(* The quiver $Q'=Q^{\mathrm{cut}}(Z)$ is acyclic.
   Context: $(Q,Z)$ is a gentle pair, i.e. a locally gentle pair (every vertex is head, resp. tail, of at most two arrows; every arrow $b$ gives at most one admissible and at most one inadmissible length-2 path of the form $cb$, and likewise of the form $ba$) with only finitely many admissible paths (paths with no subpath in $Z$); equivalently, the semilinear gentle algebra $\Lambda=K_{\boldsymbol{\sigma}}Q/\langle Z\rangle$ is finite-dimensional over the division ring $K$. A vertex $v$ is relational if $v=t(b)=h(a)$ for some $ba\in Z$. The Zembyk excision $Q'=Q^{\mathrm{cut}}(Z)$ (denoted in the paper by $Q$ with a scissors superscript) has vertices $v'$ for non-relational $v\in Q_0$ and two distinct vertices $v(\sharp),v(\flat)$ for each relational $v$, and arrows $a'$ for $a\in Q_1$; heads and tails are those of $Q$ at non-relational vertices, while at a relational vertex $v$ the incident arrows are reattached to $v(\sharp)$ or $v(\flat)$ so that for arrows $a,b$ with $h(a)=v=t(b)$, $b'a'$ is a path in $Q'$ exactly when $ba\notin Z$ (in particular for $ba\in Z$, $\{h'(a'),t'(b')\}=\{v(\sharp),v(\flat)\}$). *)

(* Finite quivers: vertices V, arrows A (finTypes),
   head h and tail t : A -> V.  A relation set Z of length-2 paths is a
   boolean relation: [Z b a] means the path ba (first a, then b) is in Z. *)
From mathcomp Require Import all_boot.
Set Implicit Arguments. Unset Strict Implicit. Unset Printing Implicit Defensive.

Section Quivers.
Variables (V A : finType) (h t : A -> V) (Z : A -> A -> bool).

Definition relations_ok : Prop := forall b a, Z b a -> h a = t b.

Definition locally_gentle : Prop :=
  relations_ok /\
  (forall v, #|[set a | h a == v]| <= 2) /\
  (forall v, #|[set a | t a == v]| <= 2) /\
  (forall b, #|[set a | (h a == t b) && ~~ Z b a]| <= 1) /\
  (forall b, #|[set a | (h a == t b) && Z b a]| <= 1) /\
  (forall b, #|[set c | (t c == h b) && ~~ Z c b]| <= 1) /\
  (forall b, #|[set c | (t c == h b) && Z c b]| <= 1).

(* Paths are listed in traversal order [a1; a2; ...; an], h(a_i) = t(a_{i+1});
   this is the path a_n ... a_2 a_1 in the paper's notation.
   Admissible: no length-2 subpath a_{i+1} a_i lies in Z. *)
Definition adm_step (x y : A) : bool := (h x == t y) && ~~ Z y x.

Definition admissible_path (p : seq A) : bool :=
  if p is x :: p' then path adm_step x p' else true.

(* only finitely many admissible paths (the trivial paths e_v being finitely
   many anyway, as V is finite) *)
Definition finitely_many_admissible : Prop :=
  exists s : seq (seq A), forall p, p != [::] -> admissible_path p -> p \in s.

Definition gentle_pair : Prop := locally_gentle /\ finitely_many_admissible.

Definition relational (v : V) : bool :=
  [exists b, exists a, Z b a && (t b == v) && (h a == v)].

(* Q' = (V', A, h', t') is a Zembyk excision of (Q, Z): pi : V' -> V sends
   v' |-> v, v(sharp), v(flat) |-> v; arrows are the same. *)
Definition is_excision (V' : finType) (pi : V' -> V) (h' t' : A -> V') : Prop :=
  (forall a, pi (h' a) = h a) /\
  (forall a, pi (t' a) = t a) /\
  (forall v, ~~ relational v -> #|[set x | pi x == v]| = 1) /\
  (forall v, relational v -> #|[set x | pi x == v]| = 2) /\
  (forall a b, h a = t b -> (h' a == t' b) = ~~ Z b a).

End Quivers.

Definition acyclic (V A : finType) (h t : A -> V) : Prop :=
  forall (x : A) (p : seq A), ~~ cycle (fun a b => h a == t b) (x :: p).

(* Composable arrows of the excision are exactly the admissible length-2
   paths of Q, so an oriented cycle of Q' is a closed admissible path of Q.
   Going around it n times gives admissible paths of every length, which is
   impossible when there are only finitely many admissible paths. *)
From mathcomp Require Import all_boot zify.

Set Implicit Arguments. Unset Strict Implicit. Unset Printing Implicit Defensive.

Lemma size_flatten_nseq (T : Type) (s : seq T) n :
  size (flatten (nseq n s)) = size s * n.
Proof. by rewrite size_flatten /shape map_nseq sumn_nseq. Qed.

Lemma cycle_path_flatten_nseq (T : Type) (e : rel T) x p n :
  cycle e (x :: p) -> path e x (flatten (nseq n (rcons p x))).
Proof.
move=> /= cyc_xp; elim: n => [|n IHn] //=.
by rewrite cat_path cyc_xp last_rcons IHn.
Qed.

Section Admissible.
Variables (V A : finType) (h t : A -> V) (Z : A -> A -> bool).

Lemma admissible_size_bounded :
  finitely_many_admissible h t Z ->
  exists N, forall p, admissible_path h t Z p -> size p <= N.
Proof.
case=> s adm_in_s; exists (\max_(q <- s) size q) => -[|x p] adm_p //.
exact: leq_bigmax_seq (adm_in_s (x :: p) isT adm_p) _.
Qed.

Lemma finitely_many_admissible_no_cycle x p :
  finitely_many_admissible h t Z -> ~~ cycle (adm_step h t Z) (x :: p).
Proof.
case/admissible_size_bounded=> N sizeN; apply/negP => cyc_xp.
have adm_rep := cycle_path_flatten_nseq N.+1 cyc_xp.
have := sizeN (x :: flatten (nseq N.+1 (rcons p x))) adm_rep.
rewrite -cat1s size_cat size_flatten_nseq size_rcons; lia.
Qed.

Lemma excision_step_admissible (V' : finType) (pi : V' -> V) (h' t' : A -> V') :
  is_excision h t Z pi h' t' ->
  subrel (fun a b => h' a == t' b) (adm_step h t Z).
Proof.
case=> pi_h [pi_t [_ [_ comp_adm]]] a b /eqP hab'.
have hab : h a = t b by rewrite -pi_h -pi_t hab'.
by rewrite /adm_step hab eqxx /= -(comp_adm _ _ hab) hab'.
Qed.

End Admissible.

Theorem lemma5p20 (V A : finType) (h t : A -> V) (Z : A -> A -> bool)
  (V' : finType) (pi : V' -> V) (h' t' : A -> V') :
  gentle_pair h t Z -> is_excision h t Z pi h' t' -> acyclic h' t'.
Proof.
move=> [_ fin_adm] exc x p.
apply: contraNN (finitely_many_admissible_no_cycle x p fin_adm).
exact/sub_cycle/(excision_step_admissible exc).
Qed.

**********

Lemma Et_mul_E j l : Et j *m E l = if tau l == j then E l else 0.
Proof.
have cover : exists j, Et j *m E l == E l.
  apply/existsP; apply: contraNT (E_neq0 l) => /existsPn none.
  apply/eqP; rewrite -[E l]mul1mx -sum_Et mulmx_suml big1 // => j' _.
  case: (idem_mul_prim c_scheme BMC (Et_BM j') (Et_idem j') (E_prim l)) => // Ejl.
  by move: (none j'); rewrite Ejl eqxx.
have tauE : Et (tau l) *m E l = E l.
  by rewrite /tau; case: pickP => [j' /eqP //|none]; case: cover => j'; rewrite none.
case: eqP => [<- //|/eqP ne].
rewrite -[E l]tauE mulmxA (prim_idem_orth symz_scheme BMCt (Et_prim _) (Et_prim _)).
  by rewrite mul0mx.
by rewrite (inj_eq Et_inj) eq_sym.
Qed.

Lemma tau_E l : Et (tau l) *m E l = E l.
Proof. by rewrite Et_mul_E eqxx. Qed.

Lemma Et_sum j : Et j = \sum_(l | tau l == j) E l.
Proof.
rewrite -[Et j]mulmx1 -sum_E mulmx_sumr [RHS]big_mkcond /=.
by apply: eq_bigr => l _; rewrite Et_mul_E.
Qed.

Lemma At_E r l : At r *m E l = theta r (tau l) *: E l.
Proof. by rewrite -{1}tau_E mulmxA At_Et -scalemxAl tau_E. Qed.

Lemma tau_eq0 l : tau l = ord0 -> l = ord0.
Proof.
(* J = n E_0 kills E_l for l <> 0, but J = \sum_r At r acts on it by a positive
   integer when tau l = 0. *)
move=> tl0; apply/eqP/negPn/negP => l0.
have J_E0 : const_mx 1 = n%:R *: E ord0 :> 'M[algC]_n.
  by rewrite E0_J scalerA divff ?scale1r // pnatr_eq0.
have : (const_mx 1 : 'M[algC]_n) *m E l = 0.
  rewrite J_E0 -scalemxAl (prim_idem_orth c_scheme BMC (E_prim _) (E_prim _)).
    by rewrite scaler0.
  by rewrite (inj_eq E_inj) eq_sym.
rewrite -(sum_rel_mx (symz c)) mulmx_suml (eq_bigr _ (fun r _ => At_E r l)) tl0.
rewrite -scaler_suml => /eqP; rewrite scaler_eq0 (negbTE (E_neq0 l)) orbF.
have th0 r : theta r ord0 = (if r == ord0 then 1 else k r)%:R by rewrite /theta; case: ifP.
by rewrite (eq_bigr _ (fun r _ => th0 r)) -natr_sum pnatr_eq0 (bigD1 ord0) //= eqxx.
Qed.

**********

**Activity:** Given the records above, return exactly the lines starting at the line containing "Lemma Et_mul_E j" and ending at the line containing "apply/eqP; rewrite -[E", including both.

**Response for this exercise:**
Lemma Et_mul_E j l : Et j *m E l = if tau l == j then E l else 0.
Proof.
have cover : exists j, Et j *m E l == E l.
  apply/existsP; apply: contraNT (E_neq0 l) => /existsPn none.
  apply/eqP; rewrite -[E l]mul1mx -sum_Et mulmx_suml big1 // => j' _.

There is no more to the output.